Classical liberals must rejoin left liberals in fighting for emancipatory politics and against the illiberal right.

Liberalism Reunited

In one form or another, liberalism used to stretch across almost the entire American political spectrum. Policy debates were about how to implement liberal democratic government, not whether liberalism should be overturned. 

It was nice while it lasted. 

Liberals on the political left were typically comfortable with political and cultural activism. But classical liberals, often on the right, hoped to discourage politics itself, perhaps altogether, by reducing politics’ scope and relevance. Left liberals campaigned for marriage equality, while some liberals on the right argued we could find peace by getting the government out of marriage. Because of their alliance with traditional conservatives, classical liberals didn’t offer the same positive arguments for cultural liberalism as they made for economic liberalism. That alliance is over. Maybe it has been for a long time.

A few weeks before the 2008 U.S. presidential election, Jacob Levy argued that classical liberals belong not with, “the party of torture, the party of denial of habeas corpus, indefinite detention without trial, and boundless, unsupervised executive power”—that is, the Republican Party—but with our fellow liberals, from whom we had been split by ambitious progressive agendas of the early 20th century and the intellectual battles of the Cold War. In January of 2017, the late Steve Horwitz presciently declared that liberalism itself is what hangs in the balance of our new political fight. 

It is long past time that liberals listened. The assault on liberalism is not one-sided, and neither left nor right liberals have to fight it alone.

The most salient political issues today have long been diminished or dismissed as “cultural issues.” The cost of losing ground in the ideological battles over gender, race, and immigration has been horrifying. Liberals have rightly shifted their focus to protecting the people against whom the power of the state has been turned because of their identity or their politics. This has pushed people who agree about the desirability of liberalism to one side of the divide in an ongoing political realignment. 

Classical liberals have to recommit to the politics of emancipation if we are to argue for liberalism within a new, liberal political coalition. That coalition, already forming, is one we should want to join. We should also be confident we have a spot in that coalition because, in many policy areas—surveillance, civil liberties, nationalism—we can offer insight into how even well-intentioned policies that expanded government powers have been turned towards abuse by reactionary governments. But we must also be humble. Classical liberals were reluctant to raise the alarm or rush to the field in response to growing political hostility to immigration, civil rights, feminism, queer rights, and access to gender and reproductive healthcare. There was much that we missed, too.

The libs divided

Liberals who have been on the political left tend to be for social progressivism, government-regulated markets, and fiscal redistribution. Left liberalism isn’t against markets, but neither does it trust markets to provide social goods on their own. Left liberals could therefore ally with others who were enthusiastic about government intervention. 
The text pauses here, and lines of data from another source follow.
(* Omega^n is represented as n.-tuple T, with the library's product
   sigma-algebra (generated by the coordinate maps).  An event of the
   extended event space at level n is a measurable A : set (n.-tuple T). *)

Lemma block_index_lt (n k : nat) (i : 'I_k) (j : 'I_n) : (i * n + j < n * k)%N.
Proof.
case: i j => i /= Hi [j /= Hj].
apply: (@leq_trans ((i.+1) * n)%N); first by rewrite mulSn addnC ltn_add2r.
by rewrite mulnC leq_mul2l Hi orbT.
Qed.

(* Identification (Omega^n)^k = Omega^(n k): the i-th block (i < k) of a
   point of Omega^(n k) is the n-tuple of coordinates i*n, ..., i*n+n-1. *)
Definition block {T : Type} (n k : nat) (t : (n * k).-tuple T) (i : 'I_k)
  : n.-tuple T :=
  [tuple tnth t (Ordinal (block_index_lt i j)) | j < n].

Definition Sfreq {R : realType} {T : Type} (n : nat) (A : set (n.-tuple T))
  (I : set R) (k : nat) : set ((n * k).-tuple T) :=
  [set t | I (k%:R^-1 * \sum_(i < k) \1_A (block t i))].

Definition eclass (T : Type) := forall n : nat, set (set (n.-tuple T)).

Definition definitively_in {R : realType} {T : Type} (C : eclass T) (n : nat)
  (A : set (n.-tuple T)) (sigma : R) : Prop :=
  exists k0 : nat, forall k : nat, (k0 < k)%N ->
    C (n * k)%N (@Sfreq R T n A `[sigma, 1]%classic k).

Definition C_measure {R : realType} {T : Type} (C : eclass T) (n : nat)
  (A : set (n.-tuple T)) : R :=
  sup [set sigma : R | 0 <= sigma <= 1 /\ definitively_in C A sigma].

(* P^n is the n-fold product of P: a probability on Omega^n (with the product
   sigma-algebra) that gives measurable rectangles the product of the
   marginal probabilities (this determines it uniquely). *)
Definition is_product_family {R : realType} {d : measure_display}
  {T : measurableType d} (P : probability T R)
  (Pn : forall n : nat, probability (n.-tuple T) R) : Prop :=
  forall (n : nat) (B : 'I_n -> set T), (forall i, measurable (B i)) ->
    Pn n [set t | forall i, B i (tnth t i)] = (\prod_(i < n) P (B i))%E.

Definition Tclass {R : realType} {d : measure_display} {T : measurableType d}
  (Pn : forall n : nat, probability (n.-tuple T) R) (delta : R) : eclass T :=
  fun n A => measurable A /\ (delta%:E <= Pn n A)%E.

(* Cut a point of Omega^(n k) into k blocks of length n.  Under P^(n k) the
   blocks are independent with law P^n (both facts need only be checked on
   measurable rectangles), so the number of blocks lying in A has mean k p and
   variance k (p - p^2), where p = P^n(A).  Chebyshev's inequality then gives
   P^(n k)(|freq - p| >= e) <= 1 / (k e^2) for the block frequency freq.  Hence
   S(A, [s, 1], k) has probability tending to 1 when s < p and to 0 when s > p:
   since 0 < delta < 1, it lies definitively in T(P, delta) for every s < p and
   for no s > p, and the supremum of these s is p. *)

From mathcomp Require Import all_boot all_order all_algebra.
From mathcomp Require Import all_classical all_reals all_analysis.
From mathcomp Require Import measurable_realfun ring lra.
Import Order.TTheory GRing.Theory Num.Theory.
Local Open Scope classical_set_scope.
Local Open Scope ring_scope.

Definition rect {T : Type} {n : nat} (B : 'I_n -> set T) : set (n.-tuple T) :=
  [set t | forall i, B i (tnth t i)].

Lemma rectI {T : Type} {n : nat} (B B' : 'I_n -> set T) :
  rect B `&` rect B' = rect (fun i => B i `&` B' i).
Proof.
apply/seteqP; split=> t /=; first by move=> [HB HB'] i; split.
by move=> HBB'; split=> i; case: (HBB' i).
Qed.

Section measurable_rectangles.
Context {d : measure_display} {T : measurableType d} (n : nat).

Definition measurable_rects : set (set (n.-tuple T)) :=
  [set rect B | B in [set B : 'I_n -> set T | forall i, measurable (B i)]].

Lemma rect_measurable (B : 'I_n -> set T) : (forall i, measurable (B i)) ->
  measurable (rect B).
Proof.
move=> mB.
have -> : rect B = \bigcap_(i in [set: 'I_n]) ((@tnth n T)^~ i @^-1` B i).
  by apply/seteqP; split=> t Ht i; [move=> _|]; exact: Ht.
apply: fin_bigcap_measurable; first exact: finite_finset.
by move=> i _; rewrite -[X in measurable X]setTI; exact: measurable_tnth.
Qed.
Liberals who used to break right, in contrast, were more focused on restricting the size and role of government, especially in the economy. These liberals cheekily called themselves classical liberals. The origin story assigned to this term is that the government intervention embraced by left liberals departs from original (and true) liberal principles. These original principles were supposed to have focused on the value of free markets and limited government, and to have stood against government intervention. 

Benjamin Constant (1767–1830) was the first thinker to call himself a liberal and one of the first to articulate how modern concerns about liberty differ from pre-liberal conceptions. Constant made individuals the core of his political philosophy and demanded defensive rights against both the state and the will of the majority, with representative government and property rights as individuals' safeguards. Incorporating the market political economy of Adam Smith and belief in levelling effects of free labour and property made him a natural fellow traveller for classical liberals. 

However, John Stuart Mill (1806–1873) was another early liberal. Mill’s 1859 On Liberty, written with Harriet Taylor Mill (1807–1858), popularized and built upon many of Constant’s ideas for an English-speaking audience. Classical liberals love On Liberty, and like the free market economics in Mill’s Principles of Political Economy. But by the end of his life, Mill believed in fairly dramatic wealth redistribution and market interventions. Mill was also an enthusiastic political campaigner for women's rights, including political rights. In other words, Mill ended up in plenty of places comfortable for left liberals. It’s implausible that Mill didn’t count as a “true” liberal; that Taylor Mill, the co-author of On Liberty, was the one responsible for Mill’s abandoning liberalism; or that liberalism writ large turned on itself so early. A definition of liberalism so classical it doesn't last to the end of John Stuart Mill’s life is so restrictive it's virtually useless.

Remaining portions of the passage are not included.